### PROBLEM TO WORK ON
Only the lines from the one containing "Definition word_act (w" to the end of the data are wanted; print them exactly as they appear.

### DATA TO PROCESS
-.-.-

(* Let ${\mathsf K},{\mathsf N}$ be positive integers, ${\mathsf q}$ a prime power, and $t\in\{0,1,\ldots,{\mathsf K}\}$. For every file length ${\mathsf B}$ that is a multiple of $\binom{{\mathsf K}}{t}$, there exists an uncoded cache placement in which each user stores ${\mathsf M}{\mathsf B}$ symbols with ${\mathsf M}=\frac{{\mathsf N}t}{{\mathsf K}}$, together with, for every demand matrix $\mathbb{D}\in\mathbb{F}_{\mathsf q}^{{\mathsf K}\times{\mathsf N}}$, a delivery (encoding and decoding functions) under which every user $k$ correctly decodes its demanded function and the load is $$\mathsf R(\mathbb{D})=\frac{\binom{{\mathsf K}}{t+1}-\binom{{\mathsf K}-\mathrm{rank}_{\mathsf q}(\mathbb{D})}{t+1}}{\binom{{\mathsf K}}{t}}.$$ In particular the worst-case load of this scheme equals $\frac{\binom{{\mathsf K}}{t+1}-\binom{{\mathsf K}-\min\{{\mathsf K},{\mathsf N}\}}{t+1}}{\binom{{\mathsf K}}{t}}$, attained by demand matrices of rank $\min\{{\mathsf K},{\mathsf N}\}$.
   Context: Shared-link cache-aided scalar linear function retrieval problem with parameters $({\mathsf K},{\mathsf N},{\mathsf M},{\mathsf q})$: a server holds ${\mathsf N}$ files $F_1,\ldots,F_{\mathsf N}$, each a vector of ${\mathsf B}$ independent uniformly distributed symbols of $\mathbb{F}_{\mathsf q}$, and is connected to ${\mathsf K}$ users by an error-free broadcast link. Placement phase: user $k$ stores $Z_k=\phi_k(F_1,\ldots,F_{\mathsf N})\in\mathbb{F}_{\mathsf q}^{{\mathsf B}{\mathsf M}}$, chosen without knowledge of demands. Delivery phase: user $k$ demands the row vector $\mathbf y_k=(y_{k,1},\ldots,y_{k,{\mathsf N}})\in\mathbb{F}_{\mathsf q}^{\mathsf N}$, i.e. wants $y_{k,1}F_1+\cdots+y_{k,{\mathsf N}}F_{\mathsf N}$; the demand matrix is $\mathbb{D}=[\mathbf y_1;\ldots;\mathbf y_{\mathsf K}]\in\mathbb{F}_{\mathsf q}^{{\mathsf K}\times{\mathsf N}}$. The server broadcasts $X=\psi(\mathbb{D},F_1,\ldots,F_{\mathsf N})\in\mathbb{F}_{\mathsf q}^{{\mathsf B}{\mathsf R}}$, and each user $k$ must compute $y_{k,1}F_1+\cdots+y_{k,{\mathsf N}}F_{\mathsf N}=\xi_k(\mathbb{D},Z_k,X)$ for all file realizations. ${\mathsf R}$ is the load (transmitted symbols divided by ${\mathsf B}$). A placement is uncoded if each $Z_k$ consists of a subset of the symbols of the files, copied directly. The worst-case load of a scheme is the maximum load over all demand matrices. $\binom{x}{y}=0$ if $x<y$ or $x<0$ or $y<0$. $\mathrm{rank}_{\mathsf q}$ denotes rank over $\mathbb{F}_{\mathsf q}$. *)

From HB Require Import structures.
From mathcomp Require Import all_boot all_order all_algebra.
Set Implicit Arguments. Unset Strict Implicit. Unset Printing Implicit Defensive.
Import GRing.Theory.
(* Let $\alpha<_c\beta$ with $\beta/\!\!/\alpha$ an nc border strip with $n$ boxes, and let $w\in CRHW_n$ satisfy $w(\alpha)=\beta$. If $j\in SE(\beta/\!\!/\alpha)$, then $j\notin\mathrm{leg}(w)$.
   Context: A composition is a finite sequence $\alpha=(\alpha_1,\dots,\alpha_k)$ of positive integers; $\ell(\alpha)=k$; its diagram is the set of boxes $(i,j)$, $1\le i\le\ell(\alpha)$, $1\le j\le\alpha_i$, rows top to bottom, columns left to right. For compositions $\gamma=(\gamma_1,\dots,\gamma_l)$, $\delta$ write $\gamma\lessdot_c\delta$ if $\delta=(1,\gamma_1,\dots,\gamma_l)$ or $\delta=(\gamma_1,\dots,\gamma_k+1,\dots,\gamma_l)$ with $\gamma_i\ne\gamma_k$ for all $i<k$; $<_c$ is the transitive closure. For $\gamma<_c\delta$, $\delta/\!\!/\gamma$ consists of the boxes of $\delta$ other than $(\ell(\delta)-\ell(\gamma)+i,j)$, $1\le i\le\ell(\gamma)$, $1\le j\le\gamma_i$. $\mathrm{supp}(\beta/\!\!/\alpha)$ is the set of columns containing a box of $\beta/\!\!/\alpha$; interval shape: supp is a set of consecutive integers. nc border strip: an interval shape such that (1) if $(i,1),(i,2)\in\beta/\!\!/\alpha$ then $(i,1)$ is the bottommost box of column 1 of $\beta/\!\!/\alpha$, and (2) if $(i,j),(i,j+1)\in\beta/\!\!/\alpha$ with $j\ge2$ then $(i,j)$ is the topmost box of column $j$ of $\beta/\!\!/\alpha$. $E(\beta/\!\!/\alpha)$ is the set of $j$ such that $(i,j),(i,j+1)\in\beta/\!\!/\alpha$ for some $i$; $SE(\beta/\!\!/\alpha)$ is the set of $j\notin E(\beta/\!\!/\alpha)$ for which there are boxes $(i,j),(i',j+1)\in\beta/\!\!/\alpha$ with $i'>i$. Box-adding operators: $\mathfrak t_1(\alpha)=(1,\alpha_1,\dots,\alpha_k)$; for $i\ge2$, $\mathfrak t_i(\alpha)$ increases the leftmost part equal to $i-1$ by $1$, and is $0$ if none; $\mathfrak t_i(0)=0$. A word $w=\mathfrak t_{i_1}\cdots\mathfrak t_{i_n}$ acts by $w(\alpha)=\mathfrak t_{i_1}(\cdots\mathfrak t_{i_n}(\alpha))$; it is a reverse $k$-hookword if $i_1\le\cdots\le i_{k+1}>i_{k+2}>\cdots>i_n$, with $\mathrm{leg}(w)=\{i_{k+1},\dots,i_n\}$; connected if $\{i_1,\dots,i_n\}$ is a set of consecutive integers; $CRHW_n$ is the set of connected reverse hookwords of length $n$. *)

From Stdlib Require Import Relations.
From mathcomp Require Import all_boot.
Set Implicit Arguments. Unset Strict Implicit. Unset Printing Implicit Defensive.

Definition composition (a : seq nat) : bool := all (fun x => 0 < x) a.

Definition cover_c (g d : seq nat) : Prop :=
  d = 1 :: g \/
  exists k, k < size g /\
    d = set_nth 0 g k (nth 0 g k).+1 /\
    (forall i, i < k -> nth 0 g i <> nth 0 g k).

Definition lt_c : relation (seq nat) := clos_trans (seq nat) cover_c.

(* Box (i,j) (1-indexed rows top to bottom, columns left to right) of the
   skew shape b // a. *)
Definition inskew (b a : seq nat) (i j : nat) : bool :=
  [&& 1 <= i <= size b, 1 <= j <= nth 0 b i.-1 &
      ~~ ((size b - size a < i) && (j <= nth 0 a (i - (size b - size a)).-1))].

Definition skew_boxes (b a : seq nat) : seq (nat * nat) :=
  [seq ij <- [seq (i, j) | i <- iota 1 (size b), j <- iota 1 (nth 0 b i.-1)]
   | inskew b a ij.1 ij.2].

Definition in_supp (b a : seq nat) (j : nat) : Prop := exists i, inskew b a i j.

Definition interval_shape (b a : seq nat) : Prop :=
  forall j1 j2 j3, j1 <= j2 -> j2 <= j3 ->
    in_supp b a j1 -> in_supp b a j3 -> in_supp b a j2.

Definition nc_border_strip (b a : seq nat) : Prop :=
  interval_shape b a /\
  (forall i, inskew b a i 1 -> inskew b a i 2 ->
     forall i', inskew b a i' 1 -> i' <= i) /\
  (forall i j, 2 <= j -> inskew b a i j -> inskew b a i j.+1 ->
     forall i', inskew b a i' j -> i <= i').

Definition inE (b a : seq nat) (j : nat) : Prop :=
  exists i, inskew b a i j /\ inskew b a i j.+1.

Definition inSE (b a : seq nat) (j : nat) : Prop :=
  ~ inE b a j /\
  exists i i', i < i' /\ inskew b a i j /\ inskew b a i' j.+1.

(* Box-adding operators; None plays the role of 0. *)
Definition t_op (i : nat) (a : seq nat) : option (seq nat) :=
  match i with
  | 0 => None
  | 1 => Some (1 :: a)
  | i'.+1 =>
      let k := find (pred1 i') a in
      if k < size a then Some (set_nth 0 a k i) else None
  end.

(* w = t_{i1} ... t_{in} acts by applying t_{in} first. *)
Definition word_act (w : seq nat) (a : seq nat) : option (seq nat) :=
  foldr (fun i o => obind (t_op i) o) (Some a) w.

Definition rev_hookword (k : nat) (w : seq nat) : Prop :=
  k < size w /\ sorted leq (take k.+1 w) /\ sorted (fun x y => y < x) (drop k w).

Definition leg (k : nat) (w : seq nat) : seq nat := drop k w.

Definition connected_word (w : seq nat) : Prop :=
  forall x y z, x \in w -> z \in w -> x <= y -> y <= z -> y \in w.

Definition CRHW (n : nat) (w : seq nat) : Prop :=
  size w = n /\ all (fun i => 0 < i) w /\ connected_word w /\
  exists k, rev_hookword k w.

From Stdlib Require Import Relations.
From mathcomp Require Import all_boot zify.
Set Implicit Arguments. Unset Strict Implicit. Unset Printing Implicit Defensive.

-.-.-

### EXERCISE OUTPUT
Definition word_act (w : seq nat) (a : seq nat) : option (seq nat) :=
  foldr (fun i o => obind (t_op i) o) (Some a) w.

Definition rev_hookword (k : nat) (w : seq nat) : Prop :=
  k < size w /\ sorted leq (take k.+1 w) /\ sorted (fun x y => y < x) (drop k w).

Definition leg (k : nat) (w : seq nat) : seq nat := drop k w.

Definition connected_word (w : seq nat) : Prop :=
  forall x y z, x \in w -> z \in w -> x <= y -> y <= z -> y \in w.

Definition CRHW (n : nat) (w : seq nat) : Prop :=
  size w = n /\ all (fun i => 0 < i) w /\ connected_word w /\
  exists k, rev_hookword k w.

From Stdlib Require Import Relations.
From mathcomp Require Import all_boot zify.
Set Implicit Arguments. Unset Strict Implicit. Unset Printing Implicit Defensive.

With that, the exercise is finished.